◆ Goal of the exercise ◆
Reproduce exactly, and only, the lines below from the one containing "lift_way_below_Some in Hx, Hy." through the one containing "split; [exact Hy|].".

[Saved data entries]
..........

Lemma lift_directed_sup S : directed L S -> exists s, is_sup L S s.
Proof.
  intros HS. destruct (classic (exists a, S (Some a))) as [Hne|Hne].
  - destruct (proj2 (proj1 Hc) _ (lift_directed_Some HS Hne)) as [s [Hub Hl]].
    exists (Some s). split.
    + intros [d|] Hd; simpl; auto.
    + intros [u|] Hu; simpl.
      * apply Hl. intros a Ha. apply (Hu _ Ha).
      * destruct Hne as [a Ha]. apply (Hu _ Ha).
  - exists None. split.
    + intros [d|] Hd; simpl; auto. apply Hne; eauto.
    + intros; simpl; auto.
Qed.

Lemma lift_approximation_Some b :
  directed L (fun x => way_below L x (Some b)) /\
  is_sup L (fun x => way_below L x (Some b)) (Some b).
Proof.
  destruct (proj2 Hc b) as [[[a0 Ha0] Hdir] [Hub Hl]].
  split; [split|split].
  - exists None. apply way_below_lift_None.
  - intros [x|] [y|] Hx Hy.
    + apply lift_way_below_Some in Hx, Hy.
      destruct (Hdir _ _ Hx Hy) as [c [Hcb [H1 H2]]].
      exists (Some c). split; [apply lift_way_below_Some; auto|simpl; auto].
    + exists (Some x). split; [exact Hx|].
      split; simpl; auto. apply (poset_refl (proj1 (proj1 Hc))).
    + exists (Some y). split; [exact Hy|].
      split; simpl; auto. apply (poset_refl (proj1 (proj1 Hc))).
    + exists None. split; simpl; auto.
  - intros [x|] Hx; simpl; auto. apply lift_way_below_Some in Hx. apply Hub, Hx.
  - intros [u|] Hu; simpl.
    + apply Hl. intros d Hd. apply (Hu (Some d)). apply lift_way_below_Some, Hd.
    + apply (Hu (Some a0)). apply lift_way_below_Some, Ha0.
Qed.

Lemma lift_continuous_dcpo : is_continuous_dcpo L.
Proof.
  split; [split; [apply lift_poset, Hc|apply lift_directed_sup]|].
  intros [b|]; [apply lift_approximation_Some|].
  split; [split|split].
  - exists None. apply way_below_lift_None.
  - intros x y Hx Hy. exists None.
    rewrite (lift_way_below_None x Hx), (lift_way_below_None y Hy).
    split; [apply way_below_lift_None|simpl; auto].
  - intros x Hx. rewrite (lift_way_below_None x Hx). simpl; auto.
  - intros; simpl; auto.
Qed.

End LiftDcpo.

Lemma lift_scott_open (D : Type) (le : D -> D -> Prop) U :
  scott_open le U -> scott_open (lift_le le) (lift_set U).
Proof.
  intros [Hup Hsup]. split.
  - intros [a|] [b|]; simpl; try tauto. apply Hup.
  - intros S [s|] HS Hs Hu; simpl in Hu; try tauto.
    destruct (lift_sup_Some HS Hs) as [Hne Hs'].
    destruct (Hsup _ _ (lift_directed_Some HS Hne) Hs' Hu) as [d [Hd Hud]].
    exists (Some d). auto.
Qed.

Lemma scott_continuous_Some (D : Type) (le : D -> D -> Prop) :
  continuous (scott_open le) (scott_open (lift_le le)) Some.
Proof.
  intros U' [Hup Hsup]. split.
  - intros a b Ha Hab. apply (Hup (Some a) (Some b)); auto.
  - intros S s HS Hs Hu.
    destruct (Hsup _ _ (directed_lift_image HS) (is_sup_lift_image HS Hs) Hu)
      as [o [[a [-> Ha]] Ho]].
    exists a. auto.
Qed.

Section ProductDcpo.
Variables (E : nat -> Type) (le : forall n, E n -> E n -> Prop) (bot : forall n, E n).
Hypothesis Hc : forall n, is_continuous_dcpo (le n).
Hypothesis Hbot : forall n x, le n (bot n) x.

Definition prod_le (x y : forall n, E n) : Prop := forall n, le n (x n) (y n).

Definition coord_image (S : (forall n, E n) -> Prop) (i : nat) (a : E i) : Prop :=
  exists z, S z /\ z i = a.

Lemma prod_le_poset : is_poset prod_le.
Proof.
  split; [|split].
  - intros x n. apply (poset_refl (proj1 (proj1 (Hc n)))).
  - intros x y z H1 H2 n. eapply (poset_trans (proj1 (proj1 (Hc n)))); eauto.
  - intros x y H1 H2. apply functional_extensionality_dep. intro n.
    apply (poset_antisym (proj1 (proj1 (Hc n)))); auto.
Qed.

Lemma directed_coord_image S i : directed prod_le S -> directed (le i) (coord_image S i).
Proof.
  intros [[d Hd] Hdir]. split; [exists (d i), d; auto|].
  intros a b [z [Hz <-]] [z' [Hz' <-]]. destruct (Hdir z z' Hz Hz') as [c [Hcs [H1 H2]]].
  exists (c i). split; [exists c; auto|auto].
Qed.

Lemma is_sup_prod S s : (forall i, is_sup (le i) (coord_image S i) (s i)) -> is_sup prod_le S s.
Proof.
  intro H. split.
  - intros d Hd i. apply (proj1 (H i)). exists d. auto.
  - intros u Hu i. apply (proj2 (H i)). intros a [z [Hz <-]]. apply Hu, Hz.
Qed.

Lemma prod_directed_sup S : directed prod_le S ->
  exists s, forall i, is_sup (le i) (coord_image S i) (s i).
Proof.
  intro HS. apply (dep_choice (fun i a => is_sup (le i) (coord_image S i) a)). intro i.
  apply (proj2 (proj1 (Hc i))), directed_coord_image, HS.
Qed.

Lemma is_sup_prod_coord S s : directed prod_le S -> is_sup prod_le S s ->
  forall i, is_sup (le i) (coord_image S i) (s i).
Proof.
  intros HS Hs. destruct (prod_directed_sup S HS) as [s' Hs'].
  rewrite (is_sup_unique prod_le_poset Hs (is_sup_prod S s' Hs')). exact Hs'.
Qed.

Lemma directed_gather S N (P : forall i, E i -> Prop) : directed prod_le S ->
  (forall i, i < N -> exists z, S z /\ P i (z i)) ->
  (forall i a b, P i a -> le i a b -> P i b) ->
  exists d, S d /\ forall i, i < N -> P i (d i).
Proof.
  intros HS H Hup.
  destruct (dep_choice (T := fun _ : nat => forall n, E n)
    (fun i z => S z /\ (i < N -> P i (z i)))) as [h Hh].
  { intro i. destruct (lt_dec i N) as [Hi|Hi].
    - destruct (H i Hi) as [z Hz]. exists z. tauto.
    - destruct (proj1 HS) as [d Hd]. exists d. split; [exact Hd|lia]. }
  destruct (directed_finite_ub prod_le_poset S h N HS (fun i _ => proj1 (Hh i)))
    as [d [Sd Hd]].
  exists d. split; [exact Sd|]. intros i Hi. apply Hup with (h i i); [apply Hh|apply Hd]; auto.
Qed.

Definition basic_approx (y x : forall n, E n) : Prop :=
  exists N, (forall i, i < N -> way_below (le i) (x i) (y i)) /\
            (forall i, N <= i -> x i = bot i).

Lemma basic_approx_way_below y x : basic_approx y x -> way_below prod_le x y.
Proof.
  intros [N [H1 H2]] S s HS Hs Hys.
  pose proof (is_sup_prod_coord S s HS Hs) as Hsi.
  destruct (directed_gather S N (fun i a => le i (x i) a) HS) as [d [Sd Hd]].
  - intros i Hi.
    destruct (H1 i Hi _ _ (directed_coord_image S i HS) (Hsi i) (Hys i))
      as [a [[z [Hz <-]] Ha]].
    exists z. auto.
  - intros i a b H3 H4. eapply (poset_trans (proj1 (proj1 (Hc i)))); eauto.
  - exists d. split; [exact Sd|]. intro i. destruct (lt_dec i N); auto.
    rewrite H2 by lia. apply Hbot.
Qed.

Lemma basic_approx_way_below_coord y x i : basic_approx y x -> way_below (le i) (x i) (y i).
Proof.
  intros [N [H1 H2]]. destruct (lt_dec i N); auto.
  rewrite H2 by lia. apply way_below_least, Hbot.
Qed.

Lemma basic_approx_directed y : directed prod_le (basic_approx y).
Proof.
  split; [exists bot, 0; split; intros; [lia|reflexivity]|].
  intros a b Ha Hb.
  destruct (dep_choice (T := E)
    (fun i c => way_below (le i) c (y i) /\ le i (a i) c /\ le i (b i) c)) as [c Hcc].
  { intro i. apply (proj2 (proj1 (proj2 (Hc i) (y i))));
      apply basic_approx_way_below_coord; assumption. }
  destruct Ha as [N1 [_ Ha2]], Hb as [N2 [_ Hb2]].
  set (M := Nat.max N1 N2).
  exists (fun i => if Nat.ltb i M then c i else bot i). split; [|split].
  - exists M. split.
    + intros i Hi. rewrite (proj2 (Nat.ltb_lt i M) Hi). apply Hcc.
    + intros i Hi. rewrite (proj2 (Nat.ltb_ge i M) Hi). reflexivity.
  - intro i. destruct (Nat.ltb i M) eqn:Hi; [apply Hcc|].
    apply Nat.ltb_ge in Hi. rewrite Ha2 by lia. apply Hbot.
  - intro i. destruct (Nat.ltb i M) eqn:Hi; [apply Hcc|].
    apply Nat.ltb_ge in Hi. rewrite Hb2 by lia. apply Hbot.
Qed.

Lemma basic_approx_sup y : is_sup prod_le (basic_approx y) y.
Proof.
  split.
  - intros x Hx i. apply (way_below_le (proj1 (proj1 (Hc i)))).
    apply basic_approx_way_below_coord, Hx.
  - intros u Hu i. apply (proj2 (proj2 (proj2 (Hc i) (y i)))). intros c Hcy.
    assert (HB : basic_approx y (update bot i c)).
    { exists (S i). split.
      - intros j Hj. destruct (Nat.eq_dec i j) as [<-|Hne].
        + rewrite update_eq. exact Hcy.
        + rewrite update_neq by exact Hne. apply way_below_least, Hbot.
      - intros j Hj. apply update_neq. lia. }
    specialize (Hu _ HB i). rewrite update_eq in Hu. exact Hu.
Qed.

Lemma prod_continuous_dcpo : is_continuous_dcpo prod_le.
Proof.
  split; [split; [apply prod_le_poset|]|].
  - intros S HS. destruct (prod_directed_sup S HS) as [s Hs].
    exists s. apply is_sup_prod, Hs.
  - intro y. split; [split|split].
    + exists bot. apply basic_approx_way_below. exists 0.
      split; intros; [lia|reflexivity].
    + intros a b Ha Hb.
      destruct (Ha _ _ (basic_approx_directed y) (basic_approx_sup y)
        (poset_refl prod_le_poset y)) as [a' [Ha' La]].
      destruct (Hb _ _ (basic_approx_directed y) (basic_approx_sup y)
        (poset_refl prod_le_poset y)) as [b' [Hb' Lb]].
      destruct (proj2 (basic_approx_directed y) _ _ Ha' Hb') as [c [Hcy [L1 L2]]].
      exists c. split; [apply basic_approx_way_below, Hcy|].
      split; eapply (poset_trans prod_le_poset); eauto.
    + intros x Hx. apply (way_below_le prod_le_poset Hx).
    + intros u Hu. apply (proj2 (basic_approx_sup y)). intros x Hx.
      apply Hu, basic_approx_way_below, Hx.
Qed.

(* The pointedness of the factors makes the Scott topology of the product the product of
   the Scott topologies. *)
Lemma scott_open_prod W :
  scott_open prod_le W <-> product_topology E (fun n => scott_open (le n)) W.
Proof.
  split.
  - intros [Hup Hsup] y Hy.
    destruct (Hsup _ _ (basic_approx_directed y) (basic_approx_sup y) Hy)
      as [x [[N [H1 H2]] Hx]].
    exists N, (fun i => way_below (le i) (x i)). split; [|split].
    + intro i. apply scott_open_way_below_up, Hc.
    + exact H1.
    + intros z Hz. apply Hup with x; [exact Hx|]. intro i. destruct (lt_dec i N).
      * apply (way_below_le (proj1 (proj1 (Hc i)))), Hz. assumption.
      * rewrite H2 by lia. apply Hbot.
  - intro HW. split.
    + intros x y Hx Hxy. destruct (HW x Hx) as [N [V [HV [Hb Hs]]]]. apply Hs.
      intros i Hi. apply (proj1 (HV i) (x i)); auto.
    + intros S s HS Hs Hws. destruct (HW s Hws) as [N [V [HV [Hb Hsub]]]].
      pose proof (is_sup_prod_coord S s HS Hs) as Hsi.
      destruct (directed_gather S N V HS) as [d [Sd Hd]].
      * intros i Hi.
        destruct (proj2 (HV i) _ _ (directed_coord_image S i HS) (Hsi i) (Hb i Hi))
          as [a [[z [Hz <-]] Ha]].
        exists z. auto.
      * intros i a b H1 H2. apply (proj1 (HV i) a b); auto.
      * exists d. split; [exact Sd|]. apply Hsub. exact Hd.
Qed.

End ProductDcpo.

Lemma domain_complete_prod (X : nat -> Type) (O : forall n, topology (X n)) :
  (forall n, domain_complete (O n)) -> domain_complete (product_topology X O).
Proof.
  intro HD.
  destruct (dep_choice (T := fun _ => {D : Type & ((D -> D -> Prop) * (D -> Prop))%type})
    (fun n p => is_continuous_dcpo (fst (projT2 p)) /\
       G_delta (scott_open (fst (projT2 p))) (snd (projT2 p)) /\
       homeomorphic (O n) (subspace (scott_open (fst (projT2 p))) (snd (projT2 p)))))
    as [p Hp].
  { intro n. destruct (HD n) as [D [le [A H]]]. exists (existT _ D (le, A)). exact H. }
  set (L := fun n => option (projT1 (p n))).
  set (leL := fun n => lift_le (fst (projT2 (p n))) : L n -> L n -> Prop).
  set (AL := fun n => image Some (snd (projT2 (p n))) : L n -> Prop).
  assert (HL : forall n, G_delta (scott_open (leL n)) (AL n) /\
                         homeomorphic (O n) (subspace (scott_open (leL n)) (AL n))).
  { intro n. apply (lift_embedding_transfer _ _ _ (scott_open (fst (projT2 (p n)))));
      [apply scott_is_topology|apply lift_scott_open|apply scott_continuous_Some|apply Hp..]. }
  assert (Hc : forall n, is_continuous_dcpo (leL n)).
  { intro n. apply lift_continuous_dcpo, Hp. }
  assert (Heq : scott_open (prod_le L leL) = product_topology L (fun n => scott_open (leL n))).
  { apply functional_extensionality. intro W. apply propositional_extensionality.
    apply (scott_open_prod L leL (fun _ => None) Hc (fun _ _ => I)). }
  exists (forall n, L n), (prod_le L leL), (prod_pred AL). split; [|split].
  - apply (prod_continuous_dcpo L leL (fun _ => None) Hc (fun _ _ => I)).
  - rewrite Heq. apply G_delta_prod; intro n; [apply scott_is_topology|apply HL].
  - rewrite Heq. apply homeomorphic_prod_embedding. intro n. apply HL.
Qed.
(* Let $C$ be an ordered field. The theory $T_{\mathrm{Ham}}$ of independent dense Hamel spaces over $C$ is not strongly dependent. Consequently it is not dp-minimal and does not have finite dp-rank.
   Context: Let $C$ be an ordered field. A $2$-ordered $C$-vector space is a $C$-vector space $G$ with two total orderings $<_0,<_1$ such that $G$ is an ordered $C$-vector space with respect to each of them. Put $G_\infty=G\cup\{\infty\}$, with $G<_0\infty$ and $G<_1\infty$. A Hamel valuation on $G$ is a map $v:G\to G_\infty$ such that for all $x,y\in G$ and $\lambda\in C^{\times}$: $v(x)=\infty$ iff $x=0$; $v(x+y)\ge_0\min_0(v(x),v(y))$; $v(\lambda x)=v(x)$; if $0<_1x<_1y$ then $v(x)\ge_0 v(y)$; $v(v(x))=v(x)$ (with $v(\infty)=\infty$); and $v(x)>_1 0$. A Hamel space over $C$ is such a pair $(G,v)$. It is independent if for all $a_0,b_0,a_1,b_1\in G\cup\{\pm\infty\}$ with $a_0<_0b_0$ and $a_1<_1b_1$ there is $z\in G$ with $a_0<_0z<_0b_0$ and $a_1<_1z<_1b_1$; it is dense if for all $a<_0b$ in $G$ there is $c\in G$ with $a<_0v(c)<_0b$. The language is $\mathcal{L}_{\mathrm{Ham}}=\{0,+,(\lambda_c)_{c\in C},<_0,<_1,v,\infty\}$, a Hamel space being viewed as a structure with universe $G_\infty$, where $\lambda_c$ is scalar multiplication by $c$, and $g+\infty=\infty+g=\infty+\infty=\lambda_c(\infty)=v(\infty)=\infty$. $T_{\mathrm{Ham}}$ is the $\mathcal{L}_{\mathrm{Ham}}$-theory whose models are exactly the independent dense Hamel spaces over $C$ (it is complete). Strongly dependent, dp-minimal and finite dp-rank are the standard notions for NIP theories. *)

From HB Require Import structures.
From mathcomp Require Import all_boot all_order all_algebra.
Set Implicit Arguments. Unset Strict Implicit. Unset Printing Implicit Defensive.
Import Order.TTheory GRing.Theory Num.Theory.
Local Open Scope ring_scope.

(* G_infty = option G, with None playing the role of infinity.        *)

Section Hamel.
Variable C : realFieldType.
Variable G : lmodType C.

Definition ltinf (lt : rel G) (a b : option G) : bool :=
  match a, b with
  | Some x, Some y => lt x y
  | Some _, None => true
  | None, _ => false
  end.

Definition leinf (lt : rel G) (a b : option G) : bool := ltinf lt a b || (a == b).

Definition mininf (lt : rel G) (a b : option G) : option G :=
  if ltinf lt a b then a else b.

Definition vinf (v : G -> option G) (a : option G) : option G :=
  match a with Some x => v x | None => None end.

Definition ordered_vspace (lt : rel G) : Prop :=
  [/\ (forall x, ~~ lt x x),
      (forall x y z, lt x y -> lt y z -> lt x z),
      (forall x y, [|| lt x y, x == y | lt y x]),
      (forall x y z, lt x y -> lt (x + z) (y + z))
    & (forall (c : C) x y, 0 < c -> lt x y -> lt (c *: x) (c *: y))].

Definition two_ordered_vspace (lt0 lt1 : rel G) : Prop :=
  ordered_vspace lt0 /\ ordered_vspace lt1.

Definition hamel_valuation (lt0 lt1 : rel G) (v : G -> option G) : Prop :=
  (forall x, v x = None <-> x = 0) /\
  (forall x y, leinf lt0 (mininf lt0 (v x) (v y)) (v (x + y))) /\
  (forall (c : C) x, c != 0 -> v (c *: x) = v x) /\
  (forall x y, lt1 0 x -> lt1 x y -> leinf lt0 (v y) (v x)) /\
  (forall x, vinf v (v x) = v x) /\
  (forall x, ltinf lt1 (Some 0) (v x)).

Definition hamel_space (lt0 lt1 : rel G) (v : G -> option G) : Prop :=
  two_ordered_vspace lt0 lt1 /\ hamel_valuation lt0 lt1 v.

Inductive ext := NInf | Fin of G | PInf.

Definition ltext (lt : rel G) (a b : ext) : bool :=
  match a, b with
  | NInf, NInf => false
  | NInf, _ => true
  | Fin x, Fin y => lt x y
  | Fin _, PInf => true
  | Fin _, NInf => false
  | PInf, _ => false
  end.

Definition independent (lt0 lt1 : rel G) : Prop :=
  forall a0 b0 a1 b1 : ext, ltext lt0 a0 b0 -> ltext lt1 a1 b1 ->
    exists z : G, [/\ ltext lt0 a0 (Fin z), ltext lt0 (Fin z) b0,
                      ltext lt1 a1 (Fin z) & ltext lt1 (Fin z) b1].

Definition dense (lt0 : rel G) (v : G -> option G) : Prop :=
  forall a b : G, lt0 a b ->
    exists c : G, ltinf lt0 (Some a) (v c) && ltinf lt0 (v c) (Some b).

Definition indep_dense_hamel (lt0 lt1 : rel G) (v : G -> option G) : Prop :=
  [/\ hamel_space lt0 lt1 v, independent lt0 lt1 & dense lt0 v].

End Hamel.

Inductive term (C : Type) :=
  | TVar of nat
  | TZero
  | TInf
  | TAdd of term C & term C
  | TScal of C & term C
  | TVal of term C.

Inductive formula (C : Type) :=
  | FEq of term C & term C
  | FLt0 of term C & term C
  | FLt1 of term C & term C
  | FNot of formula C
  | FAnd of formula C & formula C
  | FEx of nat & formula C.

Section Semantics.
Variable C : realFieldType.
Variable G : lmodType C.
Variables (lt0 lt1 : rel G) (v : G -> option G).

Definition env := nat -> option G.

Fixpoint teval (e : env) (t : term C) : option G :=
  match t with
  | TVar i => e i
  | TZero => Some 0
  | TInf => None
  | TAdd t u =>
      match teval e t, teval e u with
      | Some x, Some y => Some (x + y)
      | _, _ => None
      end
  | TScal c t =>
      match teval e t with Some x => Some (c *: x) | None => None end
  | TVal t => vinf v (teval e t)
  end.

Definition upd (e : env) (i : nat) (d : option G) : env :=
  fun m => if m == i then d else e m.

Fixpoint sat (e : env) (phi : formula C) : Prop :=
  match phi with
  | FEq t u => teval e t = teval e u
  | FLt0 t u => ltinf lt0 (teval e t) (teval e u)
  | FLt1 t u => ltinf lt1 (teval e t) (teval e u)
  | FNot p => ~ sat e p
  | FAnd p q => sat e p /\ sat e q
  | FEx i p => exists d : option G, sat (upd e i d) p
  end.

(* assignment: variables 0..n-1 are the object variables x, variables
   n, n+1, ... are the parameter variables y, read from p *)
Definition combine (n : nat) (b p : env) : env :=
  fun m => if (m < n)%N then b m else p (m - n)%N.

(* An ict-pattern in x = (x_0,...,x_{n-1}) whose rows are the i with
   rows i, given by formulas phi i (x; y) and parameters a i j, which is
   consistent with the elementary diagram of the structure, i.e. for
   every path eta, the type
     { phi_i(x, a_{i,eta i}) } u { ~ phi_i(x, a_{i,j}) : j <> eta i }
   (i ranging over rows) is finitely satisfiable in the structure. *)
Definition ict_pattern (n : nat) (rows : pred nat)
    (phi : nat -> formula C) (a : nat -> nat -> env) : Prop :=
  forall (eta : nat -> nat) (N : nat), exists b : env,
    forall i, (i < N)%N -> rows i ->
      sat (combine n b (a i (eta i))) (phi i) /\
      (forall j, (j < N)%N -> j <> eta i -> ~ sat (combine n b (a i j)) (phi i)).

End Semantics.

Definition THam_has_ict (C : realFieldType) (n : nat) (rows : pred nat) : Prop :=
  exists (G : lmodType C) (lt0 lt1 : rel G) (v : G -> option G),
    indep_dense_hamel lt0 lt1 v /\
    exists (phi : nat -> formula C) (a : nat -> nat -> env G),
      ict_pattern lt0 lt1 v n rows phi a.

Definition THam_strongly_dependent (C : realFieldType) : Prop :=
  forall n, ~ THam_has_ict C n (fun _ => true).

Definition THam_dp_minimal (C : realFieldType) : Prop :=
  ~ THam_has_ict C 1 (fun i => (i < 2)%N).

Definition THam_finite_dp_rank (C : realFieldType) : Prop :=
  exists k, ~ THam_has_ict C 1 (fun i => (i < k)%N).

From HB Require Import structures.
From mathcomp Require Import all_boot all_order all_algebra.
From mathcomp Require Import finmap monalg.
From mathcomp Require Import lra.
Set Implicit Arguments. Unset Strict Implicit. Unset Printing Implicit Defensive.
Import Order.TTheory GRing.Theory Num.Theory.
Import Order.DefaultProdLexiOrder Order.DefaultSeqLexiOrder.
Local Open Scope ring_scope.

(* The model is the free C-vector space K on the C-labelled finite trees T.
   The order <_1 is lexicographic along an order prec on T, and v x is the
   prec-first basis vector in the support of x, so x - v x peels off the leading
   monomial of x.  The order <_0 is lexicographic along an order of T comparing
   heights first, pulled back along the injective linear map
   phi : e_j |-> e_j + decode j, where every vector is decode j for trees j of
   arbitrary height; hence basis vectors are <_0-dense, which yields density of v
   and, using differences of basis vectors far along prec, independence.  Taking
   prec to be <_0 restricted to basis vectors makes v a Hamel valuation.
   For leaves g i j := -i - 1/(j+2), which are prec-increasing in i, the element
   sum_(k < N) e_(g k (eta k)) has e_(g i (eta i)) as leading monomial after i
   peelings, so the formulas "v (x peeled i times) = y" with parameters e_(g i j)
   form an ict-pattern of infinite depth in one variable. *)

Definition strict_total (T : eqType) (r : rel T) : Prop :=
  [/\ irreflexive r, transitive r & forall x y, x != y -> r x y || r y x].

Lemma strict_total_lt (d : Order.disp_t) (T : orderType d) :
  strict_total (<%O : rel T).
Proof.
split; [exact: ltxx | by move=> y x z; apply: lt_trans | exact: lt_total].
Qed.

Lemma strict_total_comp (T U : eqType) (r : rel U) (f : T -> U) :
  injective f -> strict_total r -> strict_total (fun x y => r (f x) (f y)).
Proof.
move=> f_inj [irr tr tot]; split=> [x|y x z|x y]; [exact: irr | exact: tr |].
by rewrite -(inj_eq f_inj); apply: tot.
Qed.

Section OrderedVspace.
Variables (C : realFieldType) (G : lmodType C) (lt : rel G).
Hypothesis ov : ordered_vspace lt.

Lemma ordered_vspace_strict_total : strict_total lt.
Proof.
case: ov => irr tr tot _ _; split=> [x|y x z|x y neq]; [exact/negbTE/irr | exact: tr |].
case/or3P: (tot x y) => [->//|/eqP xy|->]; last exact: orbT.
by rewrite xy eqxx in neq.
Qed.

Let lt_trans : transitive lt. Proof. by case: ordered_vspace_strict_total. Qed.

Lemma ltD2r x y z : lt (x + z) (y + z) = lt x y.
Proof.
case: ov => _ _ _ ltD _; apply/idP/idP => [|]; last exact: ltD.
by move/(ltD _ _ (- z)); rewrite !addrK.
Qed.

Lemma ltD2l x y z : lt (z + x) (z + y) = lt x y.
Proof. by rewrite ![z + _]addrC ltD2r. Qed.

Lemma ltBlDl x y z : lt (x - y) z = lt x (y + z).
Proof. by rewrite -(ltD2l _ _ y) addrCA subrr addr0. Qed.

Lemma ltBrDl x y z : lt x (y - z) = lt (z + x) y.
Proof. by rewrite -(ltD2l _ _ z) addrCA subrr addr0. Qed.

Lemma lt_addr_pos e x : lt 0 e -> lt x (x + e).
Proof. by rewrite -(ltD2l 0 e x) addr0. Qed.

..........

◆ Response ◆
    + apply lift_way_below_Some in Hx, Hy.
      destruct (Hdir _ _ Hx Hy) as [c [Hcb [H1 H2]]].
      exists (Some c). split; [apply lift_way_below_Some; auto|simpl; auto].
    + exists (Some x). split; [exact Hx|].
      split; simpl; auto. apply (poset_refl (proj1 (proj1 Hc))).
    + exists (Some y). split; [exact Hy|].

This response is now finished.